YOUR GOAL => The answer must be an exact reproduction of the lines from the start of the records below through the line containing "Lemma size_quartic : size quartic = 5%N.", and nothing more.

[Collected data entries]
--

(* Let $n\ge 2$ be an integer and let $\mathcal{P}(\lambda)=(8n^3-12n^2+2n+1)\lambda^4+(-64n^6+192n^5-192n^4+64n^3+4n^2+2n-4)\lambda^3+(-96n^5+224n^4-168n^3+52n^2-18n+6)\lambda^2+(32n^5-112n^4+128n^3-68n^2+22n-4)\lambda+16n^4-32n^3+24n^2-8n+1.$ Then $\mathcal{P}(\lambda)$ has a unique root larger than $(2n-1)^2$, and all other roots of $\mathcal{P}$ are less than $1$. *)

From mathcomp Require Import all_boot all_order all_algebra.
Set Implicit Arguments. Unset Strict Implicit. Unset Printing Implicit Defensive.
Import Order.TTheory GRing.Theory Num.Theory.
Local Open Scope ring_scope.

Definition Ppoly (R : comRingType) (n : nat) : {poly R} :=
  let m : R := n%:R in
  (8 * m ^+ 3 - 12 * m ^+ 2 + 2 * m + 1)%:P * 'X^4
  + (- 64 * m ^+ 6 + 192 * m ^+ 5 - 192 * m ^+ 4 + 64 * m ^+ 3
     + 4 * m ^+ 2 + 2 * m - 4)%:P * 'X^3
  + (- 96 * m ^+ 5 + 224 * m ^+ 4 - 168 * m ^+ 3 + 52 * m ^+ 2
     - 18 * m + 6)%:P * 'X^2
  + (32 * m ^+ 5 - 112 * m ^+ 4 + 128 * m ^+ 3 - 68 * m ^+ 2
     + 22 * m - 4)%:P * 'X
  + (16 * m ^+ 4 - 32 * m ^+ 3 + 24 * m ^+ 2 - 8 * m + 1)%:P.

From mathcomp Require Import all_boot all_order all_algebra.
From mathcomp Require Import ring lra.
From mathcomp Require Import polyrcf.
Set Implicit Arguments. Unset Strict Implicit. Unset Printing Implicit Defensive.
Import Order.TTheory GRing.Theory Num.Theory.
Local Open Scope ring_scope.

(* P has degree 4 and a positive leading coefficient, so it is positive at both
   ends of the real line.  With m = n, its values at -1/(m-1), 0, 1 and (2m-1)^2
   factor into powers of m, m-1, 2m-1, 2m-3 and 4(m-1)^2+1, with signs
   -, +, -, -.  The four sign changes give roots in (-oo, -1/(m-1)),
   (-1/(m-1), 0), (0, 1) and ((2m-1)^2, +oo), and a quartic has no others. *)

Section Quartic.
Variables (R : comNzRingType) (a0 a1 a2 a3 a4 : R).

Let quartic : {poly R} :=
  a4%:P * 'X^4 + a3%:P * 'X^3 + a2%:P * 'X^2 + a1%:P * 'X + a0%:P.

Lemma quartic_Poly : quartic = Poly [:: a0; a1; a2; a3; a4].
Proof. by rewrite /quartic /= !cons_poly_def mul0r add0r; ring. Qed.

Lemma horner_quartic x :
  quartic.[x] = a4 * x ^+ 4 + a3 * x ^+ 3 + a2 * x ^+ 2 + a1 * x + a0.
Proof. by rewrite /quartic !hornerE. Qed.

Hypothesis a4_neq0 : a4 != 0.

Lemma size_quartic : size quartic = 5%N.
Proof. by rewrite quartic_Poly (PolyK (c := 0)) /=. Qed.

Lemma lead_coef_quartic : lead_coef quartic = a4.
Proof. by rewrite lead_coefE size_quartic quartic_Poly coef_Poly. Qed.

End Quartic.

Lemma root_in_max_roots (R : idomainType) (p : {poly R}) (rs : seq R) :
  p != 0 -> (size p <= (size rs).+1)%N -> all (root p) rs -> uniq rs ->
  forall x, root p x -> x \in rs.
Proof.
move=> p_neq0 size_p rs_roots rs_uniq x px; apply: contraT => x_notin_rs.
have xrs_roots : all (root p) (x :: rs) by rewrite /= px.
have xrs_uniq : uniq (x :: rs) by rewrite /= x_notin_rs.
by have := max_poly_roots p_neq0 xrs_roots xrs_uniq; rewrite ltnNge size_p.
Qed.

Section RealRoots.
Variable R : rcfType.
Implicit Types (p : {poly R}) (a : R).

Lemma exists_root_gt p a :
  0 < lead_coef p -> p.[a] < 0 -> exists2 x, a < x & root p x.
Proof.
move=> lc_gt0 pa_lt0; have [b pb_ge] := poly_pinfty_gt_lc lc_gt0.
set c := Num.max a b.
have pc_gt0 : 0 < p.[c].
  by apply: lt_le_trans lc_gt0 (pb_ge _ _); rewrite le_max lexx orbT.
have [x] : {x | x \in `]a, c[ & root p x}.
  by apply: poly_ivtoo; rewrite ?le_max ?lexx ?nmulr_rlt0.
by rewrite in_itv /= => /andP[ax _]; exists x.
Qed.

Lemma exists_root_lt p a : 0 < lead_coef p -> ~~ odd (size p).-1 ->
  p.[a] < 0 -> exists2 x, x < a & root p x.
Proof.
move=> lc_gt0 even_deg pa_lt0.
have size_NX : (1 < size (- 'X : {poly R}))%N by rewrite size_polyN size_polyX.
have lc_comp : lead_coef (p \Po - 'X) = lead_coef p.
  by rewrite lead_coef_comp // lead_coefN lead_coefX -signr_odd (negPf even_deg) mulr1.
have [x ax] : exists2 x, - a < x & root (p \Po - 'X) x.
  by apply: exists_root_gt; rewrite ?lc_comp // horner_comp !hornerE opprK.
by rewrite /root horner_comp !hornerE => px; exists (- x); rewrite // ltrNl.
Qed.

End RealRoots.

Lemma roots_of_sign_pattern (R : rcfType) (p : {poly R}) (a b c d : R) :
  size p = 5%N -> 0 < lead_coef p -> a < b -> b < c -> c < d ->
  p.[a] < 0 -> 0 < p.[b] -> p.[c] < 0 -> p.[d] < 0 ->
  exists r, [/\ root p r, d < r,
                (forall x, root p x -> d < x -> x = r)
              & (forall x, root p x -> x != r -> x < c)].
Proof.
move=> size_p lc_gt0 ab bc cd pa_lt0 pb_gt0 pc_lt0 pd_lt0.
have even_deg : ~~ odd (size p).-1 by rewrite size_p.
have [r1 r1a root_r1] := exists_root_lt lc_gt0 even_deg pa_lt0.
have [r2] : {x | x \in `]a, b[ & root p x}.
  by apply: poly_ivtoo; rewrite ?ltW // nmulr_rlt0.
rewrite in_itv /= => /andP[ar2 r2b] root_r2.
have [r3] : {x | x \in `]b, c[ & root p x}.
  by apply: poly_ivtoo; rewrite ?ltW // pmulr_rlt0.
rewrite in_itv /= => /andP[br3 r3c] root_r3.
have [r4 dr4 root_r4] := exists_root_gt lc_gt0 pd_lt0.
have r12 : r1 < r2 := lt_trans r1a ar2.
have r23 : r2 < r3 := lt_trans r2b br3.
have r34 : r3 < r4 := lt_trans r3c (lt_trans cd dr4).
have roots_p : forall x, root p x -> x \in [:: r1; r2; r3; r4].
  apply: root_in_max_roots; rewrite ?size_p //.
  - by rewrite -size_poly_gt0 size_p.
  - by rewrite /= root_r1 root_r2 root_r3 root_r4.
  - by apply: lt_sorted_uniq; rewrite /= r12 r23 r34.
have other_roots_lt : forall x, root p x -> x = r4 \/ x < c.
  move=> x /roots_p; rewrite !inE => /or4P[] /eqP ->; [right|right|right|by left].
  - exact: lt_trans r12 (lt_trans r23 r3c).
  - exact: lt_trans r23 r3c.
  - exact: r3c.
exists r4; split => // x /other_roots_lt[->|x_lt_c] //; last by rewrite eqxx.
by move=> /(lt_trans cd)/(lt_trans x_lt_c); rewrite ltxx.
Qed.

Section PpolyValues.
Variables (R : comNzRingType) (n : nat).
Local Notation m := (n%:R : R).
Local Notation P := (Ppoly R n).

Lemma horner_Ppoly0 : P.[0] = (2 * m - 1) ^+ 4.
Proof. by rewrite /Ppoly horner_quartic; ring. Qed.

Lemma horner_Ppoly1 : P.[1] = - (64 * m ^+ 4 * (m - 1) ^+ 2).
Proof. by rewrite /Ppoly horner_quartic; ring. Qed.

Lemma horner_Ppoly_sqr :
  P.[(2 * m - 1) ^+ 2]
  = - (128 * m ^+ 4 * (m - 1) ^+ 3 * (2 * m - 1) ^+ 3 * (4 * (m - 1) ^+ 2 + 1)).
Proof. by rewrite /Ppoly horner_quartic; ring. Qed.

End PpolyValues.

Lemma horner_Ppoly_inv (R : fieldType) (n : nat) (m := n%:R : R) : m != 1 ->
  (m - 1) ^+ 4 * (Ppoly R n).[- (m - 1)^-1]
  = - (m ^+ 4 * (2 * m - 3) ^+ 2 * (4 * (m - 1) ^+ 2 + 1)).
Proof. by move=> m_neq1; rewrite /Ppoly horner_quartic; field; rewrite subr_eq0. Qed.

Section PpolySigns.
Context {R : realFieldType} {n : nat}.
Hypothesis n_ge2 : (2 <= n)%N.
Local Notation m := (n%:R : R).
Local Notation P := (Ppoly R n).

Let m_ge2 : 2 <= m. Proof. by rewrite (ler_nat R 2). Qed.

Let lead_gt0 : 0 < 8 * m ^+ 3 - 12 * m ^+ 2 + 2 * m + 1.
Proof.
have -> : 8 * m ^+ 3 - 12 * m ^+ 2 + 2 * m + 1 = (2 * m - 1) * ((2 * m - 1) ^+ 2 - 2).
  by ring.
by have m2 := m_ge2; apply: mulr_gt0; nra.
Qed.

Lemma size_Ppoly : size P = 5%N.
Proof. by rewrite /Ppoly size_quartic ?gt_eqF. Qed.

Lemma lead_coef_Ppoly_gt0 : 0 < lead_coef P.
Proof. by rewrite /Ppoly lead_coef_quartic ?gt_eqF. Qed.

Lemma Ppoly0_gt0 : 0 < P.[0].
Proof. by have m2 := m_ge2; rewrite horner_Ppoly0 exprn_gt0 //; lra. Qed.

Lemma Ppoly1_lt0 : P.[1] < 0.
Proof. by have m2 := m_ge2; rewrite horner_Ppoly1 oppr_lt0 !mulr_gt0 //; lra. Qed.

Lemma Ppoly_sqr_lt0 : P.[(2 * m - 1) ^+ 2] < 0.
Proof. by have m2 := m_ge2; rewrite horner_Ppoly_sqr oppr_lt0 !mulr_gt0 //; nra. Qed.

Lemma Ppoly_inv_lt0 : P.[- (m - 1)^-1] < 0.
Proof.
have m2 := m_ge2; have m1_gt0 : 0 < m - 1 by lra.
rewrite -(pmulr_rlt0 _ (exprn_gt0 4 m1_gt0)) horner_Ppoly_inv.
  by rewrite oppr_lt0 !mulr_gt0 //; nra.
by rewrite -subr_eq0 gt_eqF.
Qed.

End PpolySigns.

Theorem lemma2p1 (R : rcfType) (n : nat) (hn : (2 <= n)%N) :
  exists r : R,
    [/\ root (Ppoly R n) r,
        ((2 * n - 1) ^ 2)%:R < r,
        (forall x : R, root (Ppoly R n) x -> ((2 * n - 1) ^ 2)%:R < x -> x = r)
      & (forall x : R, root (Ppoly R n) x -> x != r -> x < 1)].
Proof.
set m : R := n%:R.
have -> : ((2 * n - 1) ^ 2)%:R = (2 * m - 1) ^+ 2 :> R.
  by rewrite natrX natrB ?natrM // muln_gt0 (ltnW hn).
have m_ge2 : 2 <= m by rewrite (ler_nat R 2).
apply: (roots_of_sign_pattern (size_Ppoly hn) (lead_coef_Ppoly_gt0 hn) _ _ _
         (Ppoly_inv_lt0 hn) (Ppoly0_gt0 hn) (Ppoly1_lt0 hn) (Ppoly_sqr_lt0 hn)).
- by rewrite oppr_lt0 invr_gt0; lra.
- exact: ltr01.
- by nra.
Qed.
(* Let $\llbracket\cdot\rrbracket$ be an interpretation of types, let $\rho$ be a type and $i\le i'$ in $I_\rho$. (1) If $\rho\in\mathrm{Type}^+$, then the factor system $(\llbracket\rho\rrbracket_i)_{i\in I_\rho}$ is direct, and for all $a\in\llbracket\rho\rrbracket$, $a_i\in\llbracket\rho\rrbracket_i$: $a\triangleright a_i$ implies $a\triangleright emb_{i,i'}(a_i)$. (2) If $\rho\in\mathrm{Type}^-$, then the factor system $(\llbracket\rho\rrbracket_i)_{i\in I_\rho}$ is inverse, and for all $a\in\llbracket\rho\rrbracket$, $a_{i'}\in\llbracket\rho\rrbracket_{i'}$: $a\triangleright a_{i'}$ implies $a\triangleright proj_{i',i}(a_{i'})$.
   Context: Systems and factor systems: for a non-empty directed preordered set $I$, a system consists of pairwise disjoint sets $M_i$ ($i\in I$) and relations $\triangleright\subseteq M_{i'}\times M_i$ ($i\le i'$), reflexive for $i=i'$; $a_i\approx b_j$ iff some $c\in M_{i'}$, $i'\ge i,j$, has $c\triangleright a_i,c\triangleright b_j$; prefactor system: $a_{i'}\approx a_i\iff a_{i'}\triangleright a_i$. A factor system is a prefactor system with $\approx$-preserving $emb_{i,i'}:M_i\to M_{i'}$, $proj_{i',i}:M_{i'}\to M_i$ with $emb_{i,i}(a)\approx a$, $proj_{i,i}(a)\approx a$, $emb_{i',i''}\circ emb_{i,i'}(a)\approx emb_{i,i''}(a)$, $proj_{i',i}\circ proj_{i'',i'}(a)\approx proj_{i'',i}(a)$, $proj_{i',i}(emb_{i,i'}(a))\approx a$, and $a_{i'}\triangleright a_i\Rightarrow emb_{i',i''}(a_{i'})\triangleright a_i$, $a_{i''}\triangleright a_i\Rightarrow proj_{i'',i'}(a_{i''})\triangleright a_i$ ($i\le i'\le i''$). It is direct iff $a_{i'}\triangleright a_i\iff a_{i'}\approx emb_{i,i'}(a_i)$, inverse iff $a_{i'}\triangleright a_i\iff proj_{i',i}(a_{i'})\approx a_i$. Filters: for each such $I$ a family $\mathcal F(I)$ of cofinal subsets, closed under supersets and finite intersections, containing all non-empty up-sets; standing Condition (D): $H\in\mathcal F(I\times J)$, $I'\in\mathcal F(I)$ imply $\{j\mid\exists i\in I',(i,j)\in H\}\in\mathcal F(J)$. A target for $M_I$: a set $M$ with relation $a\triangleright a_i$ such that $\{i\mid\exists a_i,a\triangleright a_i\}\in\mathcal F(I)$ and $a\triangleright a_{i'},a\triangleright a_i\Rightarrow a_{i'}\triangleright a_i$; a limit is a target $M$ such that for every target $N$ there is a unique $\Phi:N\to M$ with $b\triangleright a_i\Rightarrow\Phi(b)\triangleright a_i$. Function space of factor systems $[M_I\to N_J]$: indices $i\to j\in I\times J$, states = $\approx$-preserving functions $M_i\to N_j$, $f'\triangleright f$ iff $a_{i'}\triangleright a_i\Rightarrow f'(a_{i'})\triangleright f(a_i)$, embeddings $f\mapsto emb_{j,j'}\circ f\circ proj_{i',i}$, projections $f'\mapsto proj_{j',j}\circ f'\circ emb_{i,i'}$. For targets $M,N$: $[M\to_{\mathcal F}N]=\{f:M\to N\mid I_f\in\mathcal F(I\times J)\}$ with $f\triangleright f_{i\to j}$ iff $a\triangleright a_i\Rightarrow f(a)\triangleright f_{i\to j}(a_i)$ for all $a\in M,a_i\in M_i$, and $I_f=\{i\to j\mid\exists f_{i\to j},f\triangleright f_{i\to j}\}$. Types: $\rho::=\iota\mid\rho\to\rho$ over base types $\iota$, one of which is $\mathsf{prop}$. Positive and negative types: $\mathrm{Type}^+\ni\rho^+::=\iota\mid\rho^-\to\rho^+$ and $\mathrm{Type}^-\ni\rho^-::=\mathsf{prop}\mid\rho^+\to\rho^-$ ($\iota$ any base type). Each type has a non-empty directed index set $I_\rho$, with $I_{\mathsf{prop}}=\{\mathsf{prop}\}$ and $I_{\rho\to\sigma}=I_\rho\times I_\sigma$. An interpretation of types assigns to each type $\rho$ a factor system $(\llbracket\rho\rrbracket_i)_{i\in I_\rho}$ and a limit $\llbracket\rho\rrbracket$ of it (with relation $a\triangleright a_i$), such that: for each base type $\iota$ the factor system is direct; $\mathsf{prop}$ is interpreted by the one-index factor system with state $\{true,false\}$ (relations are equality) and limit $\{true,false\}$ (with $b\triangleright b'\iff b=b'$); $\rho\to\sigma$ is interpreted by the function-space factor system $[(\llbracket\rho\rrbracket_i)_{i}\to(\llbracket\sigma\rrbracket_j)_{j}]$ with limit $[\llbracket\rho\rrbracket\to_{\mathcal F}\llbracket\sigma\rrbracket]$. *)

Set Implicit Arguments.

Record dpo := {
  car :> Type;
  le : car -> car -> Prop;
  le_refl : forall x, le x x;
  le_trans : forall x y z, le x y -> le y z -> le x z;
  dpo_ne : inhabited car;
  dpo_dir : forall x y, exists z, le x z /\ le y z }.

Arguments le {d} _ _.

Definition prod_le (I J : dpo) (p q : I * J) : Prop :=
  le (fst p) (fst q) /\ le (snd p) (snd q).

Definition prodD (I J : dpo) : dpo.
Proof.
  refine {| car := (car I * car J)%type; le := @prod_le I J |}.
  - intros [x y]; split; apply le_refl.
  - intros [x1 y1] [x2 y2] [x3 y3] [h1 h2] [h3 h4]; split; simpl in *;
      eapply le_trans; eauto.
  - destruct (dpo_ne I) as [x]; destruct (dpo_ne J) as [y]; exact (inhabits (x, y)).
  - intros [x1 y1] [x2 y2]. destruct (dpo_dir I x1 x2) as [x [? ?]].
    destruct (dpo_dir J y1 y2) as [y [? ?]]. exists (x, y); split; split; auto.
Defined.

Definition unitD : dpo.
Proof.
  refine {| car := unit; le := fun _ _ => True |}; auto.
  - exact (inhabits tt).
  - intros; exists tt; auto.
Defined.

--

SOLVED EXERCISE =>
(* Let $n\ge 2$ be an integer and let $\mathcal{P}(\lambda)=(8n^3-12n^2+2n+1)\lambda^4+(-64n^6+192n^5-192n^4+64n^3+4n^2+2n-4)\lambda^3+(-96n^5+224n^4-168n^3+52n^2-18n+6)\lambda^2+(32n^5-112n^4+128n^3-68n^2+22n-4)\lambda+16n^4-32n^3+24n^2-8n+1.$ Then $\mathcal{P}(\lambda)$ has a unique root larger than $(2n-1)^2$, and all other roots of $\mathcal{P}$ are less than $1$. *)

From mathcomp Require Import all_boot all_order all_algebra.
Set Implicit Arguments. Unset Strict Implicit. Unset Printing Implicit Defensive.
Import Order.TTheory GRing.Theory Num.Theory.
Local Open Scope ring_scope.

Definition Ppoly (R : comRingType) (n : nat) : {poly R} :=
  let m : R := n%:R in
  (8 * m ^+ 3 - 12 * m ^+ 2 + 2 * m + 1)%:P * 'X^4
  + (- 64 * m ^+ 6 + 192 * m ^+ 5 - 192 * m ^+ 4 + 64 * m ^+ 3
     + 4 * m ^+ 2 + 2 * m - 4)%:P * 'X^3
  + (- 96 * m ^+ 5 + 224 * m ^+ 4 - 168 * m ^+ 3 + 52 * m ^+ 2
     - 18 * m + 6)%:P * 'X^2
  + (32 * m ^+ 5 - 112 * m ^+ 4 + 128 * m ^+ 3 - 68 * m ^+ 2
     + 22 * m - 4)%:P * 'X
  + (16 * m ^+ 4 - 32 * m ^+ 3 + 24 * m ^+ 2 - 8 * m + 1)%:P.

From mathcomp Require Import all_boot all_order all_algebra.
From mathcomp Require Import ring lra.
From mathcomp Require Import polyrcf.
Set Implicit Arguments. Unset Strict Implicit. Unset Printing Implicit Defensive.
Import Order.TTheory GRing.Theory Num.Theory.
Local Open Scope ring_scope.

(* P has degree 4 and a positive leading coefficient, so it is positive at both
   ends of the real line.  With m = n, its values at -1/(m-1), 0, 1 and (2m-1)^2
   factor into powers of m, m-1, 2m-1, 2m-3 and 4(m-1)^2+1, with signs
   -, +, -, -.  The four sign changes give roots in (-oo, -1/(m-1)),
   (-1/(m-1), 0), (0, 1) and ((2m-1)^2, +oo), and a quartic has no others. *)

Section Quartic.
Variables (R : comNzRingType) (a0 a1 a2 a3 a4 : R).

Let quartic : {poly R} :=
  a4%:P * 'X^4 + a3%:P * 'X^3 + a2%:P * 'X^2 + a1%:P * 'X + a0%:P.

Lemma quartic_Poly : quartic = Poly [:: a0; a1; a2; a3; a4].
Proof. by rewrite /quartic /= !cons_poly_def mul0r add0r; ring. Qed.

Lemma horner_quartic x :
  quartic.[x] = a4 * x ^+ 4 + a3 * x ^+ 3 + a2 * x ^+ 2 + a1 * x + a0.
Proof. by rewrite /quartic !hornerE. Qed.

Hypothesis a4_neq0 : a4 != 0.

Lemma size_quartic : size quartic = 5%N.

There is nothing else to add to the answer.